Palm fronds whisper to each other
and move their long fingers like lovers,
twining their arms together,
swaying to the squeaking of the soft rubber tires sweeping beneath,
light sheening off grids in tar,
making metal diamonds under cars
parked quietly ‘til suddenly
a face leans out of the door open
to ask as I pass by looking at them,
the ultimate Key West question
“is it all right to park here?”
Deanna O’Shaughnessy
NEIGHBORS
Everyone on Catherine Street
must eat
bananas at this time of year
and mangoes.
Sweet, stifling heat
of solstice summer
and fruit sickness
secure our proximate pleasures,
fusing us like honeysuckle tendrils
vining lushly on the fence.
Pam Strother
CAYO HUESO
Cayo Hueso. Indian Island bones’ spirit dances palm frond
breeze.
Stone (Key Limestone) and bone are funky island foundation.
Pirates pillaged hidden wealth.
Shipwrecked, salvaged 1800’s wrecking wealth.
Cuba connection…rum, sugar, cigars, cubanos y cubanas.

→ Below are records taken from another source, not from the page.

(* Let $\tilde{\boldsymbol x}\in L^2(\Omega,\mathbb R^m)$, $\tilde{\boldsymbol y}\in L^2(\Omega,\mathbb R^n)$ be zero-mean, and let $\tilde{\boldsymbol v}_1=\tilde{\boldsymbol y},\tilde{\boldsymbol v}_2,\ldots,\tilde{\boldsymbol v}_p\in L^2(\Omega,\mathbb R^n)$ be zero-mean and pairwise orthogonal ($E[\tilde{\boldsymbol v}_i\tilde{\boldsymbol v}_j^T]=\mathbb O$ for $i\neq j$). Let $\eta_1,\ldots,\eta_p$ be nonnegative integers with $\sum\eta_k\le\min\{m,n\}$. For each $k$ let $\beta_{k1}\ge\beta_{k2}\ge\cdots\ge0$ be the singular values of $E_{\tilde x\tilde v_k}(E_{\tilde v_k\tilde v_k}^{1/2})^\dagger$ and $G_{k\eta_k}$ the rank-$\le\eta_k$ truncation of its SVD (keeping the $\eta_k$ largest singular values). Let $\mathcal T_p^*(\tilde{\boldsymbol y})=\sum_{k=1}^pG_{k\eta_k}(E_{\tilde v_k\tilde v_k}^{1/2})^\dagger\tilde{\boldsymbol v}_k$, and let the Karhunen–Loève transform of rank $\eta_1$ be $\mathcal T_{\rm KLT}(\tilde{\boldsymbol y})=G_{1\eta_1}(E_{\tilde y\tilde y}^{1/2})^\dagger\tilde{\boldsymbol y}$ (the case $p=1$). Then $$E\big[\|\tilde{\boldsymbol x}-\mathcal T_p^*(\tilde{\boldsymbol y})\|^2\big]=E\big[\|\tilde{\boldsymbol x}-\mathcal T_{\rm KLT}(\tilde{\boldsymbol y})\|^2\big]-\sum_{k=2}^p\sum_{j=1}^{\eta_k}\beta_{kj}^2 .$$
   Context: $E[\cdot]$ denotes expectation on a probability space $(\Omega,\Sigma,\mu)$; $E_{gh}:=E[\boldsymbol g\boldsymbol h^T]$ for random vectors $\boldsymbol g,\boldsymbol h$. $M^\dagger$ is the Moore–Penrose pseudo-inverse and $M^{1/2}$ the symmetric PSD square root. For vectors $\|\cdot\|$ is the Euclidean norm, for matrices the Frobenius norm. Matrices act on random vectors pointwise in $\omega$. *)

From HB Require Import structures.
From mathcomp Require Import all_boot all_order all_algebra.
From mathcomp Require Import all_classical all_reals all_analysis.
Set Implicit Arguments. Unset Strict Implicit. Unset Printing Implicit Defensive.
Import Order.TTheory GRing.Theory Num.Theory.
Local Open Scope ring_scope.
Lemma shift_lr : shift_l * shift_r = 1. Proof. by apply: linop_ext. Qed.
Lemma shift_rl_neq1 : shift_r * shift_l != 1.
Proof.
by apply/eqP => /(congr1 (fun f : linop => f (fun=> 1) 0%N)) /eqP; rewrite eq_sym oner_eq0.
Qed.
End ShiftModel.

Section RelationYX.
Variables (K : fieldType) (A : algType K) (x y : A).
Hypothesis yx : y * x = 1.

Lemma yX_xXD j k : y ^+ j * x ^+ (j + k) = x ^+ k.
Proof.
elim: j => [|j IH]; first by rewrite expr0 mul1r.
by rewrite addSn exprSr exprS -mulrA (mulrA y) yx mul1r IH.
Qed.

Lemma yXD_xX j k : y ^+ (j + k) * x ^+ j = y ^+ k.
Proof.
elim: j => [|j IH]; first by rewrite expr0 mulr1 add0n.
by rewrite addSn (exprSr y) (exprS x) -mulrA (mulrA y) yx mul1r IH.
Qed.

Lemma yX_xX j k :
  y ^+ j * x ^+ k = if (j <= k)%N then x ^+ (k - j) else y ^+ (j - k).
Proof.
case: leqP => jk; first by rewrite -{1}(subnKC jk) yX_xXD.
by rewrite -{1}(subnKC (ltnW jk)) yXD_xX.
Qed.

Lemma yX_xXnn j : y ^+ j * x ^+ j = 1.
Proof. by rewrite -{2}(addn0 j) yX_xXD expr0. Qed.

Fact idem_key : unit. Proof. exact: tt. Qed.
Definition idem : A := locked_with idem_key (1 - x * y).
Lemma idemE : idem = 1 - x * y. Proof. by rewrite /idem unlock. Qed.

Lemma y_idem : y * idem = 0.
Proof. by rewrite idemE mulrBr mulr1 mulrA yx mul1r subrr. Qed.
Lemma idem_x : idem * x = 0.
Proof. by rewrite idemE mulrBl mul1r -mulrA yx mulr1 subrr. Qed.
Lemma idem_idem : idem * idem = idem.
Proof. by rewrite {1}idemE mulrBl mul1r -mulrA y_idem mulr0 subr0. Qed.
Lemma yXS_idem n : y ^+ n.+1 * idem = 0.
Proof. by rewrite exprSr -mulrA y_idem mulr0. Qed.
Lemma idem_xXS n : idem * x ^+ n.+1 = 0.
Proof. by rewrite exprS mulrA idem_x mul0r. Qed.

Lemma idem_yX_xX_idem m k :
  idem * (y ^+ m * x ^+ k) * idem = if m == k then idem else 0.
Proof.
rewrite yX_xX; case: (ltngtP m k) => mk.
- by rewrite -(subnSK mk) idem_xXS !mul0r.
- by rewrite -(subnSK mk) -mulrA yXS_idem mulr0.
- by rewrite mk subnn expr0 mulr1 idem_idem.
Qed.

Definition munit r l := x ^+ r * idem * y ^+ l.

Lemma munitM r l r' l' : munit r l * munit r' l' = if l == r' then munit r l' else 0.
Proof.
have -> : munit r l * munit r' l' = x ^+ r * (idem * (y ^+ l * x ^+ r') * idem) * y ^+ l'.
  by rewrite /munit !mulrA.
by rewrite idem_yX_xX_idem; case: eqP => _; rewrite ?mulr0 ?mul0r // /munit mulrA.
Qed.

Fact trunc_key : unit. Proof. exact: tt. Qed.
Definition trunc n : A := locked_with trunc_key (1 - x ^+ n * y ^+ n).
Lemma truncE n : trunc n = 1 - x ^+ n * y ^+ n. Proof. by rewrite /trunc unlock. Qed.

Lemma trunc_sum n : trunc n = \sum_(r < n) munit r r.
Proof.
elim: n => [|n IH]; first by rewrite truncE big_ord0 !expr0 mulr1 subrr.
rewrite big_ord_recr /= -IH !truncE /munit idemE mulrBr mulr1 mulrBl.
have -> : x ^+ n * (x * y) * y ^+ n = x ^+ n.+1 * y ^+ n.+1.
  by rewrite (exprSr x) (exprS y) !mulrA.
by rewrite addrA addrNK.
Qed.

Lemma truncM m n : trunc m * trunc n = trunc (minn m n).
Proof.
rewrite !truncE mulrBr mulr1 !mulrBl mul1r.
have -> : x ^+ m * y ^+ m * (x ^+ n * y ^+ n) = x ^+ m * (y ^+ m * x ^+ n) * y ^+ n.
  by rewrite !mulrA.
rewrite yX_xX; case: leqP => mn; first by rewrite -exprD subnKC // subrr subr0.
by rewrite -mulrA -exprD subnK ?(ltnW mn) // opprB addrA subrK.
Qed.

Lemma trunc_xX_idem n l : trunc n * (x ^+ l * idem) = if (l < n)%N then x ^+ l * idem else 0.
Proof.
rewrite truncE mulrBl mul1r.
have -> : x ^+ n * y ^+ n * (x ^+ l * idem) = x ^+ n * (y ^+ n * x ^+ l) * idem.
  by rewrite !mulrA.
rewrite yX_xX; case: leqP => nl; first by rewrite -exprD subnKC // subrr.
by rewrite -(subnSK nl) -(mulrA (x ^+ n)) yXS_idem mulr0 subr0.
Qed.

Definition mon i j := x ^+ i * y ^+ j.

Lemma monM i j k l :
  mon i j * mon k l = if (j <= k)%N then mon (i + (k - j)) l else mon i (j - k + l).
Proof.
have -> : mon i j * mon k l = x ^+ i * (y ^+ j * x ^+ k) * y ^+ l by rewrite /mon !mulrA.
by rewrite yX_xX; case: leqP => _; [rewrite -exprD | rewrite -mulrA -exprD].
Qed.

Definition comb (s : seq (K * nat * nat)) : A := \sum_(t <- s) t.1.1 *: mon t.1.2 t.2.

Fishing and drinking. Sponging.
Cool architecture, people fusion: Bahamian, New England
New Orleans, Caribbean, Creole, Cuban.
The one Civil War Southern city blacks walked free.
Great Depression poverty.
Hemingway’s character playground. A To Have and Have Not
town.
Speakeasies, brothels, churches, tourism.
The railroad that went to sea went down at sea in
35’s hell screeching hurricane.
Overseas Highway 1938. A road-tripper’s end of the road.
W.W.II. Navy town. Bars, bordellos, tattoo parlors.
Surreal choo choo train.
70’s. Cheap property and living. Artists and writers and
musicians rediscover Eden or just boogie.
Hippies and conchs.
Chart Room Bar city pulse. Tourism rediscovered swiftly.
Ganja running. Dom Perignon overflowing. High times.
Historical renovation. Resale profits start skyward climb.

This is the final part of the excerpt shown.